* **HOW TO COMPLETE THIS TASK**: The number needed is how many lines in these entries contain "Hanti"; give it alone.

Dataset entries
(* Let $M\subset\mathbb{R}^2$ be a smooth regular closed curve, and let $a,b\in M$ be a standard pair of points. Assume $\kappa_M(a)+\kappa_M(b)\neq 0$ and that $$q=\frac{\kappa_M(a)\, a+\kappa_M(b)\, b}{\kappa_M(a)+\kappa_M(b)}$$ is a regular point of $\mathrm{CSS}(M)$. Then the curvature of $\mathrm{CSS}(M)$ at $q$ equals $$\kappa_{\mathrm{CSS}(M)}(q)=\operatorname{sgn}(\kappa_M(b))\cdot\frac{\big(\kappa_M(a)+\kappa_M(b)\big)^3}{\left|\kappa_M^2(b)\kappa_M'(a)-\kappa_M^2(a)\kappa_M'(b)\right|}\cdot\frac{\det\big(a-b,\mathbbm{t}(a)\big)}{|a-b|^3},$$ where $\mathbbm{t}(a)$ is the unit tangent vector to $M$ at $a$ compatible with the orientation of $M$, and $'$ denotes the derivative with respect to arc length.
   Context: Two distinct points $a,b\in M$ form a parallel pair if the tangent lines to $M$ at $a$ and $b$ are parallel; the line through $a$ and $b$ is then called an affine chord. The Centre Symmetry Set $\mathrm{CSS}(M)$ is the envelope of all affine chords of $M$. For a regular parameterization $f$ of $M$, $M$ is parameterized at opposite directions at $f(s_1),f(s_2)$ if $f'(s_1)=\alpha f'(s_2)$ with $\alpha<0$. A pair $a,b\in M$ is standard if it is a parallel pair, $M$ is parameterized at opposite directions at $a$ and $b$, and $\kappa_M(b)\neq 0$, where $\kappa_M$ is the signed curvature. For a standard pair, let $f(s)$, $g(t)$ be local arc-length parameterizations of $M$ near $a$ and $b$; there is a smooth function $t(s)$ with $f'(s)=-g'(t(s))$ (and $t'(s)=\kappa_f(s)/\kappa_g(t(s))$). Away from double tangents, $\mathrm{CSS}(M)$ is locally parameterized (natural parameterization) by $\gamma(s)=\dfrac{\kappa_f(s)f(s)+\kappa_g(t(s))g(t(s))}{\kappa_f(s)+\kappa_g(t(s))}$ wherever the denominator is nonzero; regular/singular points and curvature of $\mathrm{CSS}(M)$ refer to this parameterization. *)

From Stdlib Require Import Reals.
From Coquelicot Require Import Coquelicot.
Open Scope R_scope.

Definition smooth (u : R -> R) : Prop :=
  forall (n : nat) (s : R), ex_derive (Derive_n u n) s.

Definition smooth_at (u : R -> R) (s : R) : Prop :=
  forall n : nat, ex_derive (Derive_n u n) s.

Definition sgn (r : R) : R :=
  if Rlt_dec 0 r then 1 else if Rlt_dec r 0 then -1 else 0.

Definition arclength_closed_curve (x y : R -> R) : Prop :=
  smooth x /\ smooth y /\
  (exists L, 0 < L /\ forall s, x (s + L) = x s /\ y (s + L) = y s) /\
  (forall s, (Derive x s) ^ 2 + (Derive y s) ^ 2 = 1).

Definition curv (x y : R -> R) (s : R) : R :=
  Derive x s * Derive (Derive y) s - Derive y s * Derive (Derive x) s.

(* natural parameterization of CSS(M) near a standard pair:
   gamma(s) = (k(s) f(s) + k(t(s)) f(t(s))) / (k(s) + k(t(s))) *)
Definition css_x (x y t : R -> R) (s : R) : R :=
  (curv x y s * x s + curv x y (t s) * x (t s)) / (curv x y s + curv x y (t s)).
Definition css_y (x y t : R -> R) (s : R) : R :=
  (curv x y s * y s + curv x y (t s) * y (t s)) / (curv x y s + curv x y (t s)).

Definition plane_curvature (u v : R -> R) (s : R) : R :=
  (Derive u s * Derive (Derive v) s - Derive v s * Derive (Derive u) s)
  / (sqrt ((Derive u s) ^ 2 + (Derive v s) ^ 2)) ^ 3.

(* Along the standard pair the reparameterization t satisfies t' = k(s) / k(t(s)), and
   differentiating the natural parameterization gives gamma' = H (f - f o t) for a scalar H
   built from k, k' and t'.  Hence gamma'' = H' (f - f o t) + H (1 + t') f', the H' term
   drops out of det(gamma', gamma''), and the curvature of CSS(M) is
   (1 + t') / |H| * det(a - b, t(a)) / |a - b|^3.  Substituting t' = k(a) / k(b) turns
   (1 + t') / |H| into the stated factor, the sign of k(b) coming from |k(b)| / k(b). *)

From Stdlib Require Import Reals Lra.
From Coquelicot Require Import Coquelicot.
Open Scope R_scope.

(* auto_derive leaves eta-expanded functions behind, which ring would treat as new atoms. *)
Ltac eta_reduce :=
  repeat match goal with |- context [fun r => ?f r] => change (fun r => f r) with f end.

Lemma locally_of_Rabs_ball (P : R -> Prop) (s0 : R) :
  (exists eps, 0 < eps /\ forall s, Rabs (s - s0) < eps -> P s) -> locally s0 P.
Proof.
  intros [eps [Heps HP]].
  exists (mkposreal eps Heps).
  exact HP.
Qed.

Lemma smooth_ex_derive (u : R -> R) (s : R) : smooth u -> ex_derive u s.
Proof. intros Su. exact (Su 0%nat s). Qed.

Lemma smooth_Derive (u : R -> R) : smooth u -> smooth (Derive u).
Proof.
  intros Su n s.
  apply ex_derive_ext with (Derive_n u (n + 1)).
  - intros r. symmetry. exact (Derive_n_comp u n 1 r).
  - apply Su.
Qed.

Lemma sgn_eq_Rabs_div (r : R) : r <> 0 -> sgn r = Rabs r / r.
Proof.
  intros Hr. unfold sgn.
  destruct (Rlt_dec 0 r); [rewrite Rabs_pos_eq by lra; field; exact Hr|].
  destruct (Rlt_dec r 0); [rewrite Rabs_left by lra; field; exact Hr | lra].
Qed.

Lemma Derive2_antiparallel (u t : R -> R) (s : R) :
  locally s (fun r => Derive u r = - Derive u (t r)) ->
  ex_derive t s -> ex_derive (Derive u) (t s) ->
  Derive (Derive u) s = - (Derive t s * Derive (Derive u) (t s)).
Proof.
  intros Hanti Ht Hu.
  apply is_derive_unique.
  apply is_derive_ext_loc with (fun r => - Derive u (t r)).
  - apply filter_imp with (2 := Hanti). intros r Hr. now symmetry.
  - auto_derive; [tauto | eta_reduce; ring].
Qed.

Lemma curv_antiparallel (x y t : R -> R) (s : R) :
  smooth x -> smooth y -> ex_derive t s ->
  locally s (fun r => Derive x r = - Derive x (t r)) ->
  locally s (fun r => Derive y r = - Derive y (t r)) ->
  curv x y s = Derive t s * curv x y (t s).
Proof.
  intros Sx Sy Ht Hx Hy.
  unfold curv.
  rewrite (Derive2_antiparallel x t s), (Derive2_antiparallel y t s); auto
    using smooth_ex_derive, smooth_Derive.
  rewrite (locally_singleton _ _ Hx), (locally_singleton _ _ Hy).
  ring.
Qed.

Section Curvature.

Variables x y : R -> R.
Hypotheses (Sx : smooth x) (Sy : smooth y).

Lemma is_derive_curv (s : R) :
  is_derive (curv x y) s
    (Derive x s * Derive (Derive (Derive y)) s - Derive y s * Derive (Derive (Derive x)) s).
Proof.
  unfold curv.
  auto_derive; [repeat split; auto using smooth_ex_derive, smooth_Derive | eta_reduce; ring].
Qed.

Lemma ex_derive_curv (s : R) : ex_derive (curv x y) s.
Proof. eexists. apply is_derive_curv. Qed.

Lemma ex_derive_Derive_curv (s : R) : ex_derive (Derive (curv x y)) s.
Proof.
  apply ex_derive_ext with (fun r => Derive x r * Derive (Derive (Derive y)) r
                                    - Derive y r * Derive (Derive (Derive x)) r).
  - intros r. symmetry. apply is_derive_unique, is_derive_curv.
  - auto_derive. repeat split; auto using smooth_ex_derive, smooth_Derive.
Qed.

End Curvature.

(* css_x x y t is weighted_chord_point (curv x y) x t, and css_y x y t likewise with y. *)
Definition weighted_chord_point (K u t : R -> R) (s : R) : R :=
  (K s * u s + K (t s) * u (t s)) / (K s + K (t s)).

Definition chord_speed (K t : R -> R) (s : R) : R :=
  (Derive K s * K (t s) - Derive K (t s) * Derive t s * K s) / (K s + K (t s)) ^ 2.

Lemma is_derive_weighted_chord_point (K u t : R -> R) (s : R) :
  ex_derive K s -> ex_derive K (t s) -> ex_derive u s -> ex_derive u (t s) ->
  ex_derive t s ->
  Derive u s = - Derive u (t s) -> K s = Derive t s * K (t s) ->
  K s + K (t s) <> 0 ->
  is_derive (weighted_chord_point K u t) s (chord_speed K t s * (u s - u (t s))).
Proof.
  intros HK HKt Hu Hut Ht Eu EK Hsum.
  unfold weighted_chord_point, chord_speed.
  auto_derive; [repeat split; auto|].
  eta_reduce.
  rewrite Eu. rewrite EK at 1. rewrite EK in Hsum |- *.
  field. exact Hsum.
Qed.

Lemma pair_neq0_sum_sq_pos (a b : R) : (a, b) <> (0, 0) -> 0 < a ^ 2 + b ^ 2.
Proof.
  intros Hab.
  destruct (Req_dec a 0) as [Ea|Ea]; [destruct (Req_dec b 0) as [Eb|Eb]|].
  - exfalso. apply Hab. now rewrite Ea, Eb.
  - pose proof (pow2_ge_0 a). pose proof (pow_lt _ 2 (Rabs_pos_lt _ Eb)).
    rewrite pow2_abs in *. lra.
  - pose proof (pow2_ge_0 b). pose proof (pow_lt _ 2 (Rabs_pos_lt _ Ea)).
    rewrite pow2_abs in *. lra.
Qed.

Lemma Derive_Derive_scaled (u h p : R -> R) (s : R) :
  locally s (fun r => Derive u r = h r * p r) -> ex_derive h s -> ex_derive p s ->
  Derive (Derive u) s = Derive h s * p s + h s * Derive p s.
Proof.
  intros Hu Hh Hp.
  apply is_derive_unique.
  apply is_derive_ext_loc with (fun r => h r * p r).
  - apply filter_imp with (2 := Hu). intros r Hr. now symmetry.
  - auto_derive; [tauto | eta_reduce; ring].
Qed.

(* The h' term of the acceleration is parallel to the velocity and drops out of the determinant. *)
Lemma plane_curvature_scaled_velocity (u v h p q : R -> R) (s : R) :
  locally s (fun r => Derive u r = h r * p r) ->
  locally s (fun r => Derive v r = h r * q r) ->
  ex_derive h s -> ex_derive p s -> ex_derive q s ->
  h s <> 0 -> (p s, q s) <> (0, 0) ->
  plane_curvature u v s
  = (p s * Derive q s - q s * Derive p s) / (Rabs (h s) * sqrt (p s ^ 2 + q s ^ 2) ^ 3).
Proof.
  intros Hu Hv Hh Hp Hq Hh0 Hpq.
  assert (Hnorm := pair_neq0_sum_sq_pos _ _ Hpq).
  assert (Hsqrt : 0 < sqrt (p s ^ 2 + q s ^ 2)) by now apply sqrt_lt_R0.
  assert (Habs : 0 < Rabs (h s)) by now apply Rabs_pos_lt.
  unfold plane_curvature.
  rewrite (Derive_Derive_scaled u h p), (Derive_Derive_scaled v h q) by assumption.
  rewrite (locally_singleton _ _ Hu), (locally_singleton _ _ Hv).
  replace ((h s * p s) ^ 2 + (h s * q s) ^ 2) with (Rabs (h s) ^ 2 * (p s ^ 2 + q s ^ 2))
    by (rewrite pow2_abs; ring).
  rewrite sqrt_mult_alt, sqrt_pow2 by (auto using pow2_ge_0, Rabs_pos).
  replace (h s * p s * (Derive h s * q s + h s * Derive q s)
           - h s * q s * (Derive h s * p s + h s * Derive p s))
    with (Rabs (h s) ^ 2 * (p s * Derive q s - q s * Derive p s))
    by (rewrite pow2_abs; ring).
  field. lra.
Qed.

(* With k(a) = t' k(b), the numerator of chord_speed is (k(b)^2 k'(a) - k(a)^2 k'(b)) / k(b). *)
Lemma antiparallel_curvature_factor (k1 k2 dk1 dk2 tau : R) :
  k2 <> 0 -> k1 = tau * k2 -> k1 + k2 <> 0 ->
  (1 + tau) / Rabs ((dk1 * k2 - dk2 * tau * k1) / (k1 + k2) ^ 2)
  = sgn k2 * ((k1 + k2) ^ 3 / Rabs (k2 ^ 2 * dk1 - k1 ^ 2 * dk2)).
Proof.
  intros Hk2 Hk1 Hsum.
  set (N := dk1 * k2 - dk2 * tau * k1).
  replace (k2 ^ 2 * dk1 - k1 ^ 2 * dk2) with (k2 * N) by (unfold N; rewrite Hk1; ring).
  assert (Hsq : 0 < (k1 + k2) ^ 2).
  { rewrite <- pow2_abs. apply pow_lt, Rabs_pos_lt, Hsum. }
  rewrite Rabs_div, Rabs_mult, (Rabs_pos_eq ((k1 + k2) ^ 2)) by lra.
  assert (Habs : Rabs k2 <> 0) by now apply Rabs_no_R0.
  rewrite (sgn_eq_Rabs_div k2 Hk2).
  replace tau with (k1 / k2) by (rewrite Hk1; field; exact Hk2).
  destruct (Req_dec (Rabs N) 0) as [E|E].
  - (* both sides are junk values x / 0 = 0 *)
    rewrite E. unfold Rdiv. rewrite Rmult_0_r, Rmult_0_l, !Rinv_0. ring.
  - field. repeat split; auto; lra.
Qed.

Section CentreSymmetrySet.

Variables (x y t : R -> R) (s0 : R).
Hypotheses (Sx : smooth x) (Sy : smooth y).
Hypothesis antiparallel : locally s0 (fun s =>
  smooth_at t s /\ Derive x s = - Derive x (t s) /\ Derive y s = - Derive y (t s)).
Hypothesis curv_sum_neq0 : curv x y s0 + curv x y (t s0) <> 0.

* **COMPLETED TASK**: 2